* **WHAT THE TASK ASKS**: Below are lines of data, and only some are wanted. Please repeat exactly those from the line that has "Lemma M2br_e10 (u" through the line that has "rewrite mem_M2der => /andP[/eqP vx /eqP vy].".

Segment Start: DATA

Lemma M2brE (u v : V) k :
  M2br u v k = \sum_i \sum_j u i * v j * M2coef K i j k.
Proof.
rewrite sum_ffunE; apply: eq_bigr => i _; rewrite sum_ffunE.
by apply: eq_bigr => j _; rewrite !ffunE.
Qed.

Lemma M2br_bilinear : bilinear_for *:%R *:%R (@M2br K c).
Proof.
split=> [v a u w | u a v w]; apply/ffunP => k; rewrite !ffunE !M2brE;
  rewrite scaler_sumr -big_split; apply: eq_bigr => i _;
  rewrite scaler_sumr -big_split; apply: eq_bigr => j _;
  by rewrite !ffunE /GRing.scale /=; ring.
Qed.

HB.instance Definition _ :=
  bilinear_isBilinear.Build K V V V *:%R *:%R (@M2br K c) M2br_bilinear.

End M2Bracket.

Section M2LowDegree.
Variables (K : fieldType) (n : nat).
Local Notation c := n.+4.
Local Notation I := (M2idx c).
Local Notation V := (M2 K c).

Definition ix : I := inl (Ordinal (isT : (0 < 2)%N)).
Definition iy : I := inl (Ordinal (isT : (1 < 2)%N)).
Definition ie a b (ha : (a < c)%N) (hb : (b < c)%N) (hab : (a + b <= c - 2)%N) : I :=
  inr (exist _ (Ordinal ha, Ordinal hb) hab).
Definition e00 : I := @ie 0 0 isT isT isT.
Definition e10 : I := @ie 1 0 isT isT isT.
Definition e01 : I := @ie 0 1 isT isT isT.
Definition e20 : I := @ie 2 0 isT isT isT.
Definition e02 : I := @ie 0 2 isT isT isT.

Lemma eq_ie a b ha hb hab a' b' ha' hb' hab' :
  (@ie a b ha hb hab == @ie a' b' ha' hb' hab') = (a' == a) && (b' == b).
Proof.
apply/eqP/andP => [[-> ->] | [/eqP eqa /eqP eqb]]; first by rewrite !eqxx.
by subst; congr inr; apply: val_inj; congr pair; apply: val_inj.
Qed.

Lemma M2br_antisym_coord (u v : V) k i1 j1 :
  (forall i j, M2coef K i j k = ((i == i1) && (j == j1))%:R - ((i == j1) && (j == i1))%:R) ->
  M2br u v k = u i1 * v j1 - u j1 * v i1.
Proof.
move=> coefE; rewrite M2brE.
under eq_bigr => i _ do under eq_bigr => j _ do rewrite coefE mulrBr.
under eq_bigr => i _ do rewrite sumrB.
by rewrite sumrB !sum_pair_indicator.
Qed.

Ltac M2coef_cases :=
  apply: M2br_antisym_coord => -[[[|[|s]] hs] | [[[a ha] [b hb]] hab]]
    [[[|[|t]] ht] | [[[a' ha'] [b' hb']] hab']] //=;
  rewrite ?eq_ie -?[(0 == _.+1)%N]/false -?[(_.+1 == 0)%N]/false ?eqSS;
  rewrite ?andbF ?andbT ?subr0 ?sub0r ?oppr0 ?mulr0n ?mulr1n //.

Lemma M2br_e00 (u v : V) : M2br u v e00 = u ix * v iy - u iy * v ix.
Proof. M2coef_cases. Qed.

Lemma M2br_e10 (u v : V) : M2br u v e10 = u ix * v e00 - u e00 * v ix.
Proof. M2coef_cases. Qed.

Lemma M2br_e01 (u v : V) : M2br u v e01 = u iy * v e00 - u e00 * v iy.
Proof. M2coef_cases. Qed.

Lemma M2br_e20 (u v : V) : M2br u v e20 = u ix * v e10 - u e10 * v ix.
Proof. M2coef_cases. Qed.

Lemma M2br_e02 (u v : V) : M2br u v e02 = u iy * v e01 - u e01 * v iy.
Proof. M2coef_cases. Qed.

Definition M2der : {vspace V} := zero_on [:: ix; iy].

Lemma mem_M2der v : (v \in M2der) = (v ix == 0) && (v iy == 0).
Proof. by rewrite mem_zero_on /= andbT. Qed.

Lemma dim_M2der : \dim M2der = (#|I| - 2)%N.
Proof. by rewrite dim_zero_on. Qed.

Lemma M2der_inl v s : v \in M2der -> v (inl s) = 0.
Proof.
rewrite mem_M2der => /andP[/eqP vx /eqP vy].
by case: s => -[|[|//]] hs; [rewrite -vx | rewrite -vy]; congr (v (inl _)); apply: val_inj.
Qed.

Lemma M2der_abelian : abelian_subspace (@M2br K c) M2der.
Proof.
move=> u v uD vD; apply/ffunP => k; rewrite M2brE ffunE big1 // => -[s|p] _.
  by rewrite big1 // => j _; rewrite M2der_inl // !mul0r.
rewrite big1 // => -[t|q] _; first by rewrite (M2der_inl t vD) mulr0 mul0r.
by case: k => *; rewrite mulr0.
Qed.

Lemma M2_rank_ad u w :
  M2br u w e00 != 0 -> (2 <= \dim (limg (ad (@M2br K c) u)))%N.
Proof.
move=> uw; set a := M2br u w; set b := M2br u (delta e00).
have b_e00 : b e00 = 0 by rewrite M2br_e00 !deltaE /= !mulr0 subr0.
have b_neq0 : b != 0.
  apply: contraNneq uw => b0.
  have : b e10 = 0 /\ b e01 = 0 by rewrite b0 !ffunE.
  rewrite M2br_e10 M2br_e01 !deltaE /= !mulr1 !mulr0 !subr0 => -[ux uy].
  by rewrite M2br_e00 ux uy !mul0r subrr.
have free_ab : free [:: a; b].
  rewrite free_cons seq1_free b_neq0 andbT span_seq1.
  by apply: contra uw => /vlineP[k ak]; rewrite -/a ak ffunE b_e00 [_ *: _]mulr0.
rewrite -[2%N]/(size [:: a; b]) -(eqP free_ab) dimvS //; apply/span_subvP => z.
by rewrite !inE /a /b => /orP[] /eqP ->; rewrite -adE memv_img ?memvf.
Qed.

Lemma M2_alpha : alpha_is (@M2br K c) (#|I| - 2).
Proof.
split; first by exists M2der; split; [exact: M2der_abelian | exact: dim_M2der].
move=> U abU; have [/dimvS|/subvPn[u uU]] := boolP (U <= M2der)%VS.
  by rewrite dim_M2der.
rewrite mem_M2der negb_and => uxy.
have [w uw] : exists w, M2br u w e00 != 0.
  have [ux0|ux] := eqVneq (u ix) 0.
    exists (delta ix); rewrite M2br_e00 !deltaE /= ux0 mul0r sub0r mulr1 oppr_eq0.
    by rewrite ux0 eqxx in uxy.
  by exists (delta iy); rewrite M2br_e00 !deltaE /= mulr1 mulr0 subr0.
by have := abelian_dim_add_rank abU uU (M2_rank_ad uw); rewrite dim_ffun; lia.
Qed.

Definition M2form (v : V) : K^o := v e20 + v e02.

Lemma M2form_is_linear : linear M2form.
Proof. by move=> a u v; rewrite /M2form !ffunE /GRing.scale /=; ring. Qed.

HB.instance Definition _ :=
  GRing.isLinear.Build K V K^o *:%R M2form M2form_is_linear.

Ltac simpl_consts := rewrite !(mul0r, mul1r, subr0, sub0r, oppr0, addr0, add0r).

Lemma M2_stab_form : stab_dim (@M2br K c) M2form (#|I| - 4).
Proof.
exists (zero_on [:: ix; iy; e10; e01]); split; last by rewrite dim_zero_on.
move=> y; rewrite mem_zero_on /= andbT; split.
  case/and4P=> /eqP yx /eqP yy /eqP y10 /eqP y01 x.
  by rewrite /M2form M2br_e20 M2br_e02 yx yy y10 y01 !mulr0 !subr0 addr0.
move=> y0; have form0 (x : V) :
    x ix * y e10 - x e10 * y ix + (x iy * y e01 - x e01 * y iy) = 0.
  by rewrite -M2br_e20 -M2br_e02 -[LHS]/(M2form _) y0.
have := form0 (delta ix); rewrite !deltaE /=; simpl_consts => ->.
have := form0 (delta iy); rewrite !deltaE /=; simpl_consts => ->.
have := form0 (delta e10); rewrite !deltaE /=; simpl_consts => /eqP.
rewrite oppr_eq0 => /eqP ->.
have := form0 (delta e01); rewrite !deltaE /=; simpl_consts => /eqP.
by rewrite oppr_eq0 => /eqP ->; rewrite !eqxx.
Qed.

Segment End: DATA

* **EXERCISE OUTPUT**:
Lemma M2br_e10 (u v : V) : M2br u v e10 = u ix * v e00 - u e00 * v ix.
Proof. M2coef_cases. Qed.

Lemma M2br_e01 (u v : V) : M2br u v e01 = u iy * v e00 - u e00 * v iy.
Proof. M2coef_cases. Qed.

Lemma M2br_e20 (u v : V) : M2br u v e20 = u ix * v e10 - u e10 * v ix.
Proof. M2coef_cases. Qed.

Lemma M2br_e02 (u v : V) : M2br u v e02 = u iy * v e01 - u e01 * v iy.
Proof. M2coef_cases. Qed.

Definition M2der : {vspace V} := zero_on [:: ix; iy].

Lemma mem_M2der v : (v \in M2der) = (v ix == 0) && (v iy == 0).
Proof. by rewrite mem_zero_on /= andbT. Qed.

Lemma dim_M2der : \dim M2der = (#|I| - 2)%N.
Proof. by rewrite dim_zero_on. Qed.

Lemma M2der_inl v s : v \in M2der -> v (inl s) = 0.
Proof.
rewrite mem_M2der => /andP[/eqP vx /eqP vy].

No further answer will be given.